Good job and good luck this season! If you have time grab a mountain bike and some maps from the dnr and go for a bike ride on the dikes and study the land. Pay attention to how deep the water will be when water is pumped in.


----------



## Shiawassee_Kid (Nov 28, 2000)

tracker14 said:


> Well done man. some years the cover is thinner than others and that canoe is really easy to hide. Also a good excuse to not drag along everyone and their brother.
> 
> Good job and good luck this season! If you have time grab a mountain bike and some maps from the dnr and go for a bike ride on the dikes and study the land. Pay attention to how deep the water will be when water is pumped in.


damn, this guy is good. more solid advice!


----------



## Ferris_StateHunter (Apr 24, 2006)

Shiawassee_Kid said:


> damn, this guy is good. more solid advice!


I have been telling chris for months all of this stuff, either he doesn't listen very well, or he doesn't believe me lol. 


I've been looking for a grumman myself, but can never seem to find them in a flatback
_Posted via Mobile Device_


----------



## Shiawassee_Kid (Nov 28, 2000)

Ferris_StateHunter said:


> I have been telling chris for months all of this stuff, either he doesn't listen very well, or he doesn't believe me lol.
> 
> 
> I've been looking for a grumman myself, but can never seem to find them in a flatback
> _Posted via Mobile Device_


theres one on craigslist but the guy wants like $2,500 for boat/motor/trailer. little steep on price but i bet he gets it.


----------



## SchuStrings32jg (Jul 13, 2008)

lol i have been listening brent dont you worry


----------



## tracker14 (Jun 1, 2007)

Shiawassee_Kid said:


> damn, this guy is good. more solid advice!


 :lol:


----------



## just ducky (Aug 23, 2002)

Shiawassee_Kid said:


> theres one on craigslist but the guy wants like $2,500 for boat/motor/trailer. little steep on price but i bet he gets it.


and before anyone calls for it, I already called "dibs" when Shi Kid gets ready to sell his Grumman :evilsmile Even though I have two canoes now, I've always wanted a wide-body (but a true wide-body...not a Radisson, Sportspal, etc.)


----------



## Shiawassee_Kid (Nov 28, 2000)

just ducky said:


> and before anyone calls for it, I already called "dibs" when Shi Kid gets ready to sell his Grumman :evilsmile Even though I have two canoes now, I've always wanted a wide-body (but a true wide-body...not a Radisson, Sportspal, etc.)


I already did full runners and a winch mount. this thing is like gold around here...would take a pretty hefty offer for me to part with it.


----------



## just ducky (Aug 23, 2002)

Shiawassee_Kid said:


> I already did full runners and a winch mount. this thing is like gold around here...would take a pretty hefty offer for me to part with it.


I have too many boats now :lol: But that one is on my "someday" list.
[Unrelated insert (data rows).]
(* Let $L=\mathcal{F}(P)$ be a finite distributive lattice and let $K=[\hat0_K,\hat1_K]$ be a cutting of $L$. Then $$R(L\boxplus K,x)=R_L({\downarrow K},x)+x\,R_L({\uparrow K},x)=R({\downarrow K},x)+x^{h_L(\hat0_K)+1}R({\uparrow K},x).$$
   Context: For a finite poset $P$, $\mathcal{F}(P)$ is the set of filters (up-sets) of $P$ ordered by reverse inclusion; it is a finite distributive lattice with least element $P$ and greatest element $\emptyset$. A cutting of a finite distributive lattice $L$ is an interval $K=[\hat0_K,\hat1_K]$ of $L$ such that every maximal chain of $L$ meets $K$. For a cutting $K$ of $L=\mathcal{F}(P)$, let $S=\hat0_K\setminus\hat1_K$, $S_0$ the set of maximal elements of $P\setminus\hat0_K$, $S_1$ the set of minimal elements of $\hat1_K$. The poset $P_K$ is $P\cup\{x_K\}$ ($x_K$ new) where the order on $P$ is unchanged, $z<x_K$ iff $z\le s$ for some $s\in S_0$, $x_K<y$ iff $y\ge s$ for some $s\in S_1$, and $x_K$ is incomparable to every element of $S$. The convex expansion is $L\boxplus K:=\mathcal{F}(P_K)$. For a finite distributive lattice $M$ and $a\in M$, $h_M(a)$ is the height of $a$ (length of any maximal chain from the least element of $M$ to $a$). For $A\subseteq L$, $R_L(A,x)=\sum_{a\in A}x^{h_L(a)}$, and for a lattice $M$, $R(M,x)=R_M(M,x)=\sum_{a\in M}x^{h_M(a)}$ (rank generating function). Here ${\downarrow K}=\{a\in L: a\le\hat1_K\}$ and ${\uparrow K}=\{a\in L:a\ge\hat0_K\}$, regarded as lattices in their own right in $R({\downarrow K},x)$, $R({\uparrow K},x)$. *)

From HB Require Import structures.
From mathcomp Require Import all_boot all_order all_algebra.
Set Implicit Arguments. Unset Strict Implicit. Unset Printing Implicit Defensive.
Import Order.TTheory GRing.Theory.

Section Defs.
Variable U : finType.

Definition upsetb (r : rel U) (A : {set U}) : bool :=
  [forall x in A, forall y, r x y ==> (y \in A)].

(* Lattices of filters are ordered by REVERSE inclusion: X < Y iff Y \proper X.
   [chainb F b a k]: there is a strictly increasing chain (in reverse
   inclusion) b < t_1 < ... < t_k = a of length k with all t_i in F. *)
Definition chainb (F : pred {set U}) (b a : {set U}) (k : nat) : bool :=
  [exists t : k.-tuple {set U},
     [&& path (fun X Y : {set U} => Y \proper X) b t,
         last b t == a & all F t]].

(* Height of a above the base element b inside the family F: the maximal
   length of a chain from b to a in F (a strict chain of subsets of U has
   length at most #|U|). *)
Definition height (F : pred {set U}) (b a : {set U}) : nat :=
  \max_(k < #|U|.+1 | chainb F b a k) k.

Definition rgf (F : pred {set U}) (b : {set U}) (A : pred {set U}) : {poly int} :=
  \sum_(a : {set U} | A a) 'X^(height F b a).

Definition is_chain (F : pred {set U}) (C : {set {set U}}) : Prop :=
  (forall X, X \in C -> F X) /\
  (forall X Y, X \in C -> Y \in C -> (X \subset Y) || (Y \subset X)).

Definition is_maximal_chain (F : pred {set U}) (C : {set {set U}}) : Prop :=
  is_chain F C /\ (forall C', is_chain F C' -> C \subset C' -> C' = C).
End Defs.

Section Poset.
Variables (d : Order.disp_t) (T : finPOrderType d).

Definition filters : pred {set T} := fun A => upsetb (fun x y : T => (x <= y)%O) A.

(* the interval [o, i] of L (reverse inclusion): o <= X <= i iff i ⊆ X ⊆ o *)
Definition in_interval (o i X : {set T}) : bool := (i \subset X) && (X \subset o).

Definition is_cutting (o i : {set T}) : Prop :=
  filters o /\ filters i /\ i \subset o /\
  forall C, is_maximal_chain filters C -> exists2 X, X \in C & in_interval o i X.

Definition S0 (o : {set T}) : {set T} :=
  [set s | (s \notin o) && [forall z, ((s < z)%O && (z \notin o)) ==> false]].
Definition S1 (i : {set T}) : {set T} :=
  [set s | (s \in i) && [forall z, ((z < s)%O && (z \in i)) ==> false]].

(* The order of P_K on option T, None being the new element x_K. *)
Definition leK (o i : {set T}) (u v : option T) : bool :=
  match u, v with
  | Some a, Some b => (a <= b)%O
  | Some z, None => [exists s in S0 o, (z <= s)%O]
  | None, Some y => [exists s in S1 i, (s <= y)%O]
  | None, None => true
  end.

(* L ⊞ K = F(P_K) *)
Definition filtersK (o i : {set T}) : pred {set option T} :=
  fun A => upsetb (leK o i) A.

Definition downK (i : {set T}) : pred {set T} := fun a => filters a && (i \subset a).
Definition upK (o : {set T}) : pred {set T} := fun a => filters a && (a \subset o).
End Poset.
Arguments filters {d} T.

(* A filter of P_K either contains x_K, and then its trace on P is a filter
   of P containing 1_K (everything above S1 lies above x_K), or it does not,
   and then its trace is a filter of P contained in 0_K (everything outside
   0_K lies below S0, hence below x_K).  In each lattice of filters involved,
   a proper subfilter X of B can be enlarged inside B by one element (an
   f-maximal element of B minus X, for f strictly increasing along the
   order), so heights are differences of cardinalities, and the trace map
   shifts heights by 0 on the first kind of filters and by 1 on the second. *)
From mathcomp Require Import all_boot all_order all_algebra zify.
Set Implicit Arguments. Unset Strict Implicit. Unset Printing Implicit Defensive.
Import Order.TTheory GRing.Theory.

Section SetFamilies.
Variable U : finType.
Implicit Types (r : rel U) (F : pred {set U}) (A B a b c X : {set U}).

Lemma upsetP r A : reflect (forall x y, x \in A -> r x y -> y \in A) (upsetb r A).
Proof.
apply: (iffP forallP) => [upA x y xA rxy | upA x].
- by move: (upA x); rewrite xA => /forallP/(_ y); rewrite rxy.
- by apply/implyP => xA; apply/forallP => y; apply/implyP; apply: upA.
Qed.

Lemma upsetT r : upsetb r setT.
Proof. by apply/upsetP => x y; rewrite !inE. Qed.

Lemma chainbP F b a k :
  reflect (exists s : seq {set U}, [/\ size s = k,
     path (fun X Y : {set U} => Y \proper X) b s, last b s = a & all F s])
  (chainb F b a k).
Proof.
apply: (iffP existsP) => [[t /and3P [p /eqP l Ft]] | [s [sz p l Fs]]].
- by exists (val t); split=> //; apply: size_tuple.
- have sz_k : size s == k by rewrite sz.
  by exists (Tuple sz_k); rewrite /= p l eqxx Fs.
Qed.

Lemma chainb_card F b a k : chainb F b a k -> #|a| + k <= #|b|.
Proof.
case/chainbP => s [<- p <- _]; elim: s b p => [|x s IHs] b /=; first by rewrite addn0.
by case/andP => /proper_card ltxb /IHs; lia.
Qed.

Section GradedFamily.
Variables (F : pred {set U}) (b : {set U}).
Hypothesis F_extend1 :
  forall X, F X -> X \proper b -> exists2 x, x \in b :\: X & F (x |: X).

Lemma chainb_graded a : F a -> a \subset b -> chainb F b a (#|b| - #|a|).
Proof.
move dn: (#|b| - #|a|) => n; elim: n a dn => [|n IHn] a dn Fa sab.
  have /eqP -> : a == b by rewrite eqEcard sab /=; lia.
  by apply/chainbP; exists [::]; split.
have [|x /setDP [xb xa] Fxa] := F_extend1 Fa; first by rewrite properEcard sab /=; lia.
have card_xa : #|x |: a| = #|a|.+1 by rewrite cardsU1 xa.
have sxab : x |: a \subset b by rewrite subUset sub1set xb sab.
case/chainbP: (IHn (x |: a) ltac:(lia) Fxa sxab) => s [sz p l Fs].
apply/chainbP; exists (rcons s a); split.
- by rewrite size_rcons sz.
- by rewrite rcons_path p l /= properEcard subsetUr card_xa ltnSn andbT.
- by rewrite last_rcons.
- by rewrite all_rcons Fa Fs.
Qed.

Lemma height_graded a : F a -> a \subset b -> height F b a = #|b| - #|a|.
Proof.
move=> Fa sab; apply/anti_leq/andP; split.
  by apply/bigmax_leqP => k /chainb_card; lia.
have lt_n : #|b| - #|a| < #|U|.+1 by have := max_card b; lia.
exact: (bigop.bigmax_sup (Ordinal lt_n) (chainb_graded Fa sab)).
Qed.

End GradedFamily.

Section StrictlyMonotone.
Variables (r : rel U) (f : U -> nat).
Hypothesis f_strict : forall x y, r x y -> x != y -> f x < f y.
Thing about selling the Alaskan about December every year, then walleye fishing starts approaching...:evilsmile


----------



## PahtridgeHunter (Sep 1, 2004)

Shiawassee_Kid said:


> theres one on craigslist but the guy wants like $2,500 for boat/motor/trailer. little steep on price but i bet he gets it.


 
You NEED another boat anyway, don't you, D? :lol:

http://flint.craigslist.org/boa/2535054604.html


----------



## Shiawassee_Kid (Nov 28, 2000)

PahtridgeHunter said:


> You NEED another boat anyway, don't you, D? :lol:
> 
> http://flint.craigslist.org/boa/2535054604.html


thats the one. some think thats a rich price...but i would charge double for mine.


----------



## StackemHigh (Oct 9, 2008)

Ferris_StateHunter said:


> I have been telling chris for months all of this stuff, either he doesn't listen very well, or he doesn't believe me lol.
> 
> 
> I've been looking for a grumman myself, but can never seem to find them in a flatback
> _Posted via Mobile Device_


 
I wouldn't listen to you either, crooked f%ker :evil:, what you doing for the z2 opener? I've got a spot for ya if your free.


----------



## SchuStrings32jg (Jul 13, 2008)

working on my ride right now got it sanded and the primer paint on it the green and camo will come later and i will tell you how little I infested in this haha


----------



## Shiawassee_Kid (Nov 28, 2000)

here's a pic of a "modified" sport boat.

lewis winch mount









full runners to make it last forever and custom drain plug.









front runner.


----------



## StackemHigh (Oct 9, 2008)

Nice fab work on the mount D, should of had you do mine haha.


----------